I wasnt talking about how fast they are going or how high they are. Was talking about the clocks that are running on them which will run faster in space than on earth. This mess's up GPS calcultaions so makes errors in locating people if all devices dont have the same time. This is why there clocks have to be altered all the time.
 
Temperature and pressure are linked but I dont think it is relative to size of mass. The only reason I can think of is water -> ice. Colder but less dense.
 
I wasnt talking about how fast they are going or how high they are. Was talking about the clocks that are running on them which will run faster in space than on earth. This mess's up GPS calcultaions so makes errors in locating people if all devices dont have the same time. This is why there clocks have to be altered all the time.

They are indeed compensated for both time speeding up due to less mavity and time slowing down due to their orbital speed. The former is actually more dominant term than the latter
 
Temperature is a measure of the average kinetic energy, so is affected by relativity.

If things are moving relativistically, then temperature is hard to measure and one often quotes the energy as temperature I think

So for relativistic 1 MeV electrons , their temperature is also 1 MeV I think.

Hard to measure temps that high in the lab, one would typically measure energy.

sid
 
They are indeed compensated for both time speeding up due to less mavity and time slowing down due to their orbital speed. The former is actually more dominant term than the latter

Correct :) , I found this for anyone that wants to read it about satellites.

Built at a cost of over $10 billion mainly for military navigation, GPS has rapidly transformed itself into a thriving commercial industry. The system is based on an array of 24 satellites orbiting the earth, each carrying a precise atomic clock.

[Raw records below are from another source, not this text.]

(* [op a] maps the interval [t, a] bijectively onto [down (op a t)], and [down a]
   is the union of [down t] and [t, a], which meet in [t]. *)
Lemma height_op_ble a t : le t a -> h (op a t) = h a - h t.
Proof.
move=> leta; pose B := [set s | le t s && le s a].
have cardB : #|down (op a t)| = #|B|.
  have -> : down (op a t) = op a @: B.
    apply/setP => s; rewrite inE; apply/idP/imsetP => [les | [u]].
      have lesa := ble_trans les (ble_opl a t).
      by exists (op a s); rewrite ?opK // inE ble_opl andbT -{1}(opK leta) ble_op2.
    by rewrite inE => /andP[letu _] ->; apply: ble_op2.
  rewrite card_in_imset // => u v; rewrite !inE => /andP[_ leua] /andP[_ leva] eq_op.
  by rewrite -(opK leua) eq_op opK.
have downU : down t :|: B = down a.
  apply/setP => s; rewrite !inE; apply/idP/idP => [/orP[lest | /andP[_ //]] | lesa].
    exact: ble_trans lest leta.
  by case/orP: (down_chain lesa leta) => -> //; rewrite lesa orbT.
have downI : down t :&: B = [set t].
  apply/setP => s; rewrite !inE; apply/idP/eqP => [/and3P[lest lets _] | ->].
    exact: ble_anti.
  by rewrite ble_refl.
have := cardsUI (down t) B; rewrite downU downI cards1 !heightE cardB.
by have := card_down_gt0 t; have := card_down_gt0 (op a t); rewrite cardB; lia.
Qed.

Lemma height_op x y : h (op x y) = h x - h (meet x y).
Proof. by rewrite op_meet height_op_ble // ble_meetl. Qed.

Lemma height_attained a j : j <= h a -> exists2 t, le t a & h t = j.
Proof.
move=> leja; pose s := map h (enum (down a)).
have uniq_s : uniq s.
  by rewrite map_inj_in_uniq ?enum_uniq // => u v; rewrite !mem_enum; apply: height_inj_down.
have sub_s : {subset s <= iota 0 (h a).+1}.
  move=> i /mapP[t]; rewrite mem_enum inE => leta ->.
  by rewrite mem_iota add0n ltnS height_le.
have size_s : size (iota 0 (h a).+1) <= size s.
  by rewrite size_iota size_map -cardE heightE; have := card_down_gt0 a; lia.
have [_ eq_s] := uniq_min_size uniq_s sub_s size_s.
have : j \in s by rewrite eq_s mem_iota add0n ltnS.
by case/mapP=> t; rewrite mem_enum inE => leta ->; exists t.
Qed.

Local Notation M := (maximals op z).
Local Notation n := (alg_height op z).

Lemma maximal_ble m y : m \in M -> le m y -> y = m.
Proof. by rewrite inE => /forallP /(_ y) /implyP le_eq /le_eq /eqP. Qed.

Lemma exists_maximal c : exists2 m, m \in M & le c m.
Proof.
have [m lecm max_m] := arg_maxnP h (ble_refl c).
exists m => //; rewrite inE; apply/forallP => y; apply/implyP => lemy.
apply/contraT => neqym.
by have := max_m y (ble_trans lecm lemy); rewrite /= leqNgt height_lt // eq_sym.
Qed.

Lemma height_le_alg t : h t <= n.
Proof. exact: (@leq_bigmax T (height op z) t). Qed.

Using a hand-held GPS receiver which detects radio emissions from any of the satellites which happen to be overhead, users of even moderately priced devices can determine latitude, longitude and altitude to an accuracy which can currently reach 15 meters, and local time to 50 billionths of a second. Apart from the obvious military uses, GPS is finding applications in airplane navigation, oil exploration, wilderness recreation, bridge construction, sailing, and interstate trucking, to name just a few. Even Hollywood has met GPS, recently pitting James Bond in "Tomorrow Never Dies" against an evil genius who was inserting deliberate errors into the GPS system and sending British ships into harm's way.

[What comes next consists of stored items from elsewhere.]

Lemma sumR_kronecker N i c : (i < N)%nat ->
  sumR N (fun k => if Nat.eqb k i then c else 0) = c.
Proof.
  induction N as [|N IH]; intros Hi; [lia|]; simpl.
  destruct (Nat.eqb_spec N i) as [<-|Hne].
  - rewrite (sumR_ext _ _ (fun _ => 0 * 0)), sumR_scal; [ring|].
    intros k Hk; destruct (Nat.eqb_spec k N); [lia | ring].
  - rewrite IH by lia; ring.
Qed.

Lemma sumR_pos N f : (1 <= N)%nat -> (forall k, (k < N)%nat -> 0 < f k) -> 0 < sumR N f.
Proof.
  induction N as [|[|N] IH]; intros HN H; [lia | |].
  - simpl; assert (0 < f 0%nat) by (apply H; lia); lra.
  - change (0 < sumR (S N) f + f (S N)).
    assert (0 < sumR (S N) f) by (apply IH; [lia | intros; apply H; lia]).
    assert (0 < f (S N)) by (apply H; lia); lra.
Qed.

Lemma is_derive_sumR N (F : nat -> R -> R) F' s :
  (forall k, (k < N)%nat -> is_derive (F k) s (F' k)) ->
  is_derive (fun s => sumR N (fun k => F k s)) s (sumR N F').
Proof.
  induction N as [|N IH]; simpl; intros H.
  - apply (is_derive_const 0 s).
  - apply (is_derive_plus (fun s => sumR N (fun k => F k s)) (F N));
      [apply IH; intros | apply H]; auto; lia.
Qed.

Lemma is_derive_sumR_upd N f z i y s : (i < N)%nat -> differentiable_pt f y s ->
  is_derive (fun u => sumR N (fun k => f (upd z i u k) s)) y (dy f y s).
Proof.
  intros Hi Hd. rewrite <- (sumR_kronecker N i (dy f y s) Hi).
  apply (is_derive_sumR N (fun k u => f (upd z i u k) s)).
  intros k _; unfold upd; destruct (Nat.eqb k i).
  - apply is_derive_dy, Hd.
  - apply (is_derive_const (f (z k) s) y).
Qed.

Lemma sumR_centered_orthogonal N (p l Y : nat -> R) : sumR N p = 1 ->
  ((exists i, (i < N)%nat /\ Y i <> 0) -> exists c, forall i, (i < N)%nat -> p i = c * Y i) ->
  sumR N (fun k => (sumR N (fun j => p j * l j) - l k) * Y k) = 0.
Proof.
  intros Hp Hprop. set (L := sumR N (fun j => p j * l j)).
  destruct (classic (exists i, (i < N)%nat /\ Y i <> 0)) as [HY|HY].
  - destruct (Hprop HY) as [c Hc].
    assert (HcY : c * sumR N Y = 1).
    { rewrite <- sumR_scal, <- Hp; apply sumR_ext; intros; rewrite Hc; auto. }
    assert (HL : L = c * sumR N (fun k => l k * Y k)).
    { unfold L; rewrite <- sumR_scal; apply sumR_ext; intros; rewrite Hc; auto; ring. }
    rewrite (sumR_ext _ _ (fun k => L * Y k + (-1) * (l k * Y k))) by (intros; ring).
    rewrite sumR_plus, !sumR_scal, HL.
    transitivity ((c * sumR N Y - 1) * sumR N (fun k => l k * Y k)); [ring|].
    rewrite HcY; ring.
  - rewrite (sumR_ext _ _ (fun _ => 0 * 0)), sumR_scal; [ring|].
    intros k Hk; replace (Y k) with 0; [ring|].
    apply NNPP; intro; apply HY; exists k; auto.
Qed.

But in a relativistic world, things are not simple. The satellite clocks are moving at 14,000 km/hr in orbits that circle the Earth twice per day, much faster than clocks on the surface of the Earth, and Einstein's theory of special relativity says that rapidly moving clocks tick more slowly, by about seven microseconds (millionths of a second) per day.

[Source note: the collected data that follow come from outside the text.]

(* Let $n_1,n_2,n_3\ge2$, $r\ge1$, $b>0$, $\beta\ge3$ and $\vartheta=2^{\lceil\beta\log_2(n_1\vee n_2)\rceil}$. Let $\mathcal{A}^*\in\mathbb{R}_+^{n_1\times r\times n_3}$ with $0\le\mathcal{A}^*_{ijk}\le1$, $\mathcal{B}^*\in\mathbb{R}_+^{r\times n_2\times n_3}$ with $0\le\mathcal{B}^*_{ijk}\le b$, and $\mathcal{X}^*=\mathcal{A}^*\diamond\mathcal{B}^*$. Let $\widetilde{\mathcal{A}}^*\in\mathfrak{L}$ be obtained by replacing each entry of $\mathcal{A}^*$ by its closest discretization level, and $\widetilde{\mathcal{B}}^*\in\mathfrak{D}$ be obtained by replacing each nonzero entry of $\mathcal{B}^*$ by its closest discretization level in $[0,b]$ and keeping zero entries zero. Then $\widetilde{\mathcal{X}}^*=\widetilde{\mathcal{A}}^*\diamond\widetilde{\mathcal{B}}^*$ satisfies \[ \|\widetilde{\mathcal{X}}^*-\mathcal{X}^*\|_\infty\le\frac{3rn_3b}{\vartheta}. \]
   Context: Tensor-tensor product $\diamond$: for $\mathcal{X}\in\mathbb{R}^{n_1\times n_2\times n_3}$ with frontal slices $\mathbf{X}^{(1)},\dots,\mathbf{X}^{(n_3)}$ and $\mathcal{Y}\in\mathbb{R}^{n_2\times n_4\times n_3}$, $\mathcal{X}\diamond\mathcal{Y}$ is obtained by multiplying the block-circulant matrix with $(p,q)$ block $\mathbf{X}^{((p-q)\bmod n_3+1)}$ by the vertical stack of the frontal slices of $\mathcal{Y}$ and folding back. $\|\mathcal{X}\|_\infty=\max_{i,j,k}|\mathcal{X}_{ijk}|$; $m\vee n=\max\{m,n\}$. $\mathfrak{L}$ is the set of tensors in $\mathbb{R}_+^{n_1\times r\times n_3}$ whose entries each equal one of the $\vartheta$ uniformly spaced levels $\{0,\frac{1}{\vartheta-1},\dots,1\}$ of $[0,1]$; $\mathfrak{D}$ is the set of tensors in $\mathbb{R}_+^{r\times n_2\times n_3}$ whose entries are each either $0$ or one of the $\vartheta$ uniformly spaced levels $\{0,\frac{b}{\vartheta-1},\dots,b\}$ of $[0,b]$. *)

From HB Require Import structures.
From mathcomp Require Import all_boot all_order all_algebra.
From mathcomp Require Import all_classical all_reals all_analysis.
Set Implicit Arguments. Unset Strict Implicit. Unset Printing Implicit Defensive.
Import Order.TTheory GRing.Theory Num.Theory.
Local Open Scope ring_scope.

Definition tensor (R : realType) (n1 n2 n3 : nat) := 'I_n1 -> 'I_n2 -> 'I_n3 -> R.

(* (k - q) mod n, as an element of 'I_n *)
Definition subord (n : nat) (k q : 'I_n) : 'I_n :=
  Ordinal (ltn_pmod (k + n - q)%N (leq_ltn_trans (leq0n q) (ltn_ord q))).

(* t-product: frontal slice k of X <> Y is sum_q X^((k-q) mod n3) Y^(q),
   i.e. block-circulant matrix of X times the stacked slices of Y. *)
Definition tprod (R : realType) (n1 n2 n3 n4 : nat)
  (X : tensor R n1 n2 n3) (Y : tensor R n2 n4 n3) : tensor R n1 n4 n3 :=
  fun i j k => \sum_(q < n3) \sum_(l < n2) X i l (subord k q) * Y l j q.

Definition tsub (R : realType) (n1 n2 n3 : nat) (X Y : tensor R n1 n2 n3)
  : tensor R n1 n2 n3 := fun i j k => X i j k - Y i j k.

Definition tnorm_inf (R : realType) (n1 n2 n3 : nat) (X : tensor R n1 n2 n3) : R :=
  \big[Num.max/0]_(i < n1) \big[Num.max/0]_(j < n2) \big[Num.max/0]_(k < n3) `|X i j k|.

Definition vartheta (R : realType) (n1 n2 : nat) (beta : R) : nat :=
  (2 ^ `|Num.ceil (beta * (ln ((maxn n1 n2)%:R : R) / ln 2))|)%N.

Definition is_level (R : realType) (th : nat) (c : R) (x : R) : Prop :=
  exists t : nat, (t < th)%N /\ x = c * (t%:R / (th.-1)%:R).

(* y is a closest level (of [0,c], th levels) to x; ties broken arbitrarily *)
Definition closest_level (R : realType) (th : nat) (c : R) (x y : R) : Prop :=
  is_level th c y /\ forall z, is_level th c z -> `|y - x| <= `|z - x|.

From HB Require Import structures.
From mathcomp Require Import all_boot all_order all_algebra.
From mathcomp Require Import all_classical all_reals all_analysis.
From mathcomp Require Import ring lra.
Set Implicit Arguments. Unset Strict Implicit. Unset Printing Implicit Defensive.
Import Order.TTheory GRing.Theory Num.Theory.
Local Open Scope ring_scope.

(* Rounding to the grid of step c/(theta-1) moves each entry by at most one
   step, so each of the r*n3 products summed in an entry of the t-product moves
   by at most |dA| |Bt| + |A| |dB| <= 2b/(theta-1).  Finally
   2/(theta-1) <= 3/theta as soon as theta >= 3, and in fact theta >= 2^3
   since beta >= 3 and log2 (n1 v n2) >= 1. *)

Section Levels.
Variables (R : realType) (th : nat) (c : R).
Hypothesis th_gt1 : (1 < th)%N.

Let pred_th_gt0 : (0 < th.-1)%N.
Proof. by rewrite -ltnS prednK // ltnW. Qed.

Lemma is_level_bounds (z : R) : 0 <= c -> is_level th c z -> 0 <= z <= c.
Proof.
move=> c_ge0 [t [t_lt ->]].
have t_le : (t <= th.-1)%N by rewrite -ltnS prednK // ltnW.
rewrite mulr_ge0 ?divr_ge0 //= -[leRHS]mulr1 ler_wpM2l //.
by rewrite ler_pdivrMr ?ltr0n // mul1r ler_nat.
Qed.

Lemma exists_level_near (x : R) : 0 < c -> 0 <= x <= c ->
  exists2 z, is_level th c z & `|z - x| <= c / (th.-1)%:R.
Proof.
move=> c_gt0 /andP[x_ge0 x_le]; set h := c / (th.-1)%:R.
have h_gt0 : 0 < h by rewrite divr_gt0 ?ltr0n.
have y_ge0 : 0 <= x / h by rewrite divr_ge0 // ltW.
have y_le : x / h <= (th.-1)%:R.
  by rewrite ler_pdivrMr // /h mulrCA divff ?mulr1 // pnatr_eq0 -lt0n.
set t := Num.truncn (x / h); have /andP[t_le t_gt] := truncn_itv y_ge0.
have t_le_pred : (t <= th.-1)%N.
  by rewrite truncn_le_nat; apply: le_lt_trans y_le _; rewrite ltr_nat.
exists (t%:R * h).
  exists t; split; first by rewrite (leq_ltn_trans t_le_pred) // ltn_predL ltnW.
  by rewrite /h mulrCA.
rewrite -[x](divfK (lt0r_neq0 h_gt0)) -mulrBl normrM (gtr0_norm h_gt0).
apply: ler_piMl (ltW h_gt0) _; rewrite ler_norml.
by rewrite -natr1 in t_gt; apply/andP; split; lra.
Qed.

Lemma closest_level_dist (x y : R) :
  0 < c -> 0 <= x <= c -> closest_level th c x y -> `|y - x| <= c / (th.-1)%:R.
Proof.
move=> c_gt0 x_in [_ y_min].
have [z z_lvl z_near] := exists_level_near c_gt0 x_in.
exact: le_trans (y_min z z_lvl) z_near.
Qed.

Lemma sparse_closest_level_dist (x y : R) : 0 < c -> 0 <= x <= c ->
  (if x == 0 then y = 0 else closest_level th c x y) ->
  0 <= y <= c /\ `|y - x| <= c / (th.-1)%:R.
Proof.
move=> c_gt0 x_in; case: eqP => [-> ->|_ y_cl].
  by rewrite subrr normr0 lexx !ltW // divr_gt0 ?ltr0n.
split; last exact: closest_level_dist.
by case: y_cl => y_lvl _; apply: is_level_bounds y_lvl; apply: ltW.
Qed.

End Levels.

Lemma vartheta_ge (R : realType) (n1 n2 k : nat) (beta : R) :
  (1 < maxn n1 n2)%N -> k%:R <= beta -> (2 ^ k <= vartheta n1 n2 beta)%N.
Proof.
move=> m_gt1 k_le; rewrite /vartheta leq_pexp2l //.
set m := maxn n1 n2.
have ln2_gt0 : 0 < ln (2 : R) by apply: ln_gt0; lra.
have log2m_ge1 : 1 <= ln (m%:R : R) / ln 2.
  by rewrite ler_pdivlMr // mul1r ler_ln ?posrE ?ler_nat ?ltr0n // ltnW.
have k_le_ceil : k%:R <= (Num.ceil (beta * (ln (m%:R : R) / ln 2)))%:~R :> R.
  apply: le_trans (ceil_ge _); have k_ge0 : 0 <= k%:R :> R by [].
  nra.
rewrite -[k%:R]/((k%:Z)%:~R : R) ler_int in k_le_ceil.
by case: (Num.ceil _) k_le_ceil => [n|n] //; rewrite lez_nat.
Qed.

Lemma two_div_pred_le_three_div (R : realFieldType) (th : nat) :
  (3 <= th)%N -> 2 / (th.-1)%:R <= 3 / th%:R :> R.
Proof.
move=> th_ge3; have th_gt0 : (0 < th)%N by apply: leq_trans th_ge3.
have th_succ : th%:R = (th.-1)%:R + 1 :> R by rewrite natr1 prednK.
have th_pred : 2 <= (th.-1)%:R :> R by rewrite (ler_nat R 2) -ltnS prednK.
rewrite th_succ ler_pdivrMr; last lra.
by rewrite mulrAC ler_pdivlMr; lra.
Qed.

Lemma ler_dist_mul (R : numDomainType) (a a' b b' : R) :
  `|a' * b' - a * b| <= `|a' - a| * `|b'| + `|a| * `|b' - b|.
Proof.
have -> : a' * b' - a * b = (a' - a) * b' + a * (b' - b) by ring.
by rewrite -!normrM ler_normD.
Qed.

Section TensorBounds.
Variable R : realType.

Lemma tnorm_inf_le (n1 n2 n3 : nat) (X : tensor R n1 n2 n3) e :
  0 <= e -> (forall i j k, `|X i j k| <= e) -> tnorm_inf X <= e.
Proof.
move=> e_ge0 X_le; rewrite /tnorm_inf.
by do 3![apply: bigmax_le => // ? _].
Qed.

Lemma tprod_dist_le (n1 n2 n3 n4 : nat) (X X' : tensor R n1 n2 n3)
    (Y Y' : tensor R n2 n4 n3) e :
  (forall i l k j q, `|X' i l k * Y' l j q - X i l k * Y l j q| <= e) ->
  forall i j k, `|tsub (tprod X' Y') (tprod X Y) i j k| <= e *+ n2 *+ n3.
Proof.
move=> term_le i j k; rewrite /tsub /tprod -sumrB.
apply: le_trans (ler_norm_sum _ _ _) _.
rewrite -[n3 in leRHS]card_ord -sumr_const; apply: ler_sum => q _.
rewrite -sumrB; apply: le_trans (ler_norm_sum _ _ _) _.
by rewrite -[n2 in leRHS]card_ord -sumr_const; apply: ler_sum.
Qed.

End TensorBounds.

Theorem lemma2 (R : realType) (n1 n2 n3 r : nat) (b beta : R)
  (A At : tensor R n1 r n3) (B Bt : tensor R r n2 n3) :
  (2 <= n1)%N -> (2 <= n2)%N -> (2 <= n3)%N -> (1 <= r)%N ->
  0 < b -> 3 <= beta ->
  (forall i j k, 0 <= A i j k <= 1) ->
  (forall i j k, 0 <= B i j k <= b) ->
  (forall i j k, closest_level (vartheta n1 n2 beta) 1 (A i j k) (At i j k)) ->
  (forall i j k, if B i j k == 0 then Bt i j k = 0
                 else closest_level (vartheta n1 n2 beta) b (B i j k) (Bt i j k)) ->
  tnorm_inf (tsub (tprod At Bt) (tprod A B))
    <= 3 * r%:R * n3%:R * b / (vartheta n1 n2 beta)%:R.
Proof.
move=> n1_ge2 _ _ _ b_gt0 beta_ge3 A_in B_in At_cl Bt_cl.
set th := vartheta n1 n2 beta in At_cl Bt_cl *.
have th_ge3 : (3 <= th)%N.
  exact: leq_trans (vartheta_ge (leq_trans n1_ge2 (leq_maxl n1 n2)) beta_ge3).
clearbody th; have th_gt1 : (1 < th)%N by apply: ltnW.
have term_le i l k j q :
    `|At i l k * Bt l j q - A i l k * B l j q| <= b * (2 / (th.-1)%:R).
  have dA := closest_level_dist th_gt1 ltr01 (A_in i l k) (At_cl i l k).
  have [/andP[Bt_ge0 Bt_le] dB] :=
    sparse_closest_level_dist th_gt1 b_gt0 (B_in l j q) (Bt_cl l j q).
  have /andP[A_ge0 A_le1] := A_in i l k.
  apply: le_trans (ler_dist_mul _ _ _ _) _.
  rewrite (ger0_norm Bt_ge0) (ger0_norm A_ge0).
  have -> : b * (2 / (th.-1)%:R) = 1 / (th.-1)%:R * b + 1 * (b / (th.-1)%:R)
    by ring.
  by apply: lerD; apply: ler_pM.
have bound_ge0 : 0 <= 3 * r%:R * n3%:R * b / th%:R.
  by rewrite !mulr_ge0 ?invr_ge0 // ltW.
apply: tnorm_inf_le bound_ge0 _ => i j k.
apply: le_trans (tprod_dist_le term_le i j k) _.
have -> : 3 * r%:R * n3%:R * b / th%:R = b * (3 / th%:R) *+ r *+ n3 by ring.
by rewrite !lerMn2r ler_pM2l // two_div_pred_le_three_div ?orbT.
Qed.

Also, the orbiting clocks are 20,000 km above the Earth, and experience mavity that is four times weaker than that on the ground. Einstein's general relativity theory says that mavity curves space and time, resulting in a tendency for the orbiting clocks to tick slightly faster, by about 45 microseconds per day. The net result is that time on a GPS satellite clock advances faster than a clock on the ground by about 38 microseconds per day.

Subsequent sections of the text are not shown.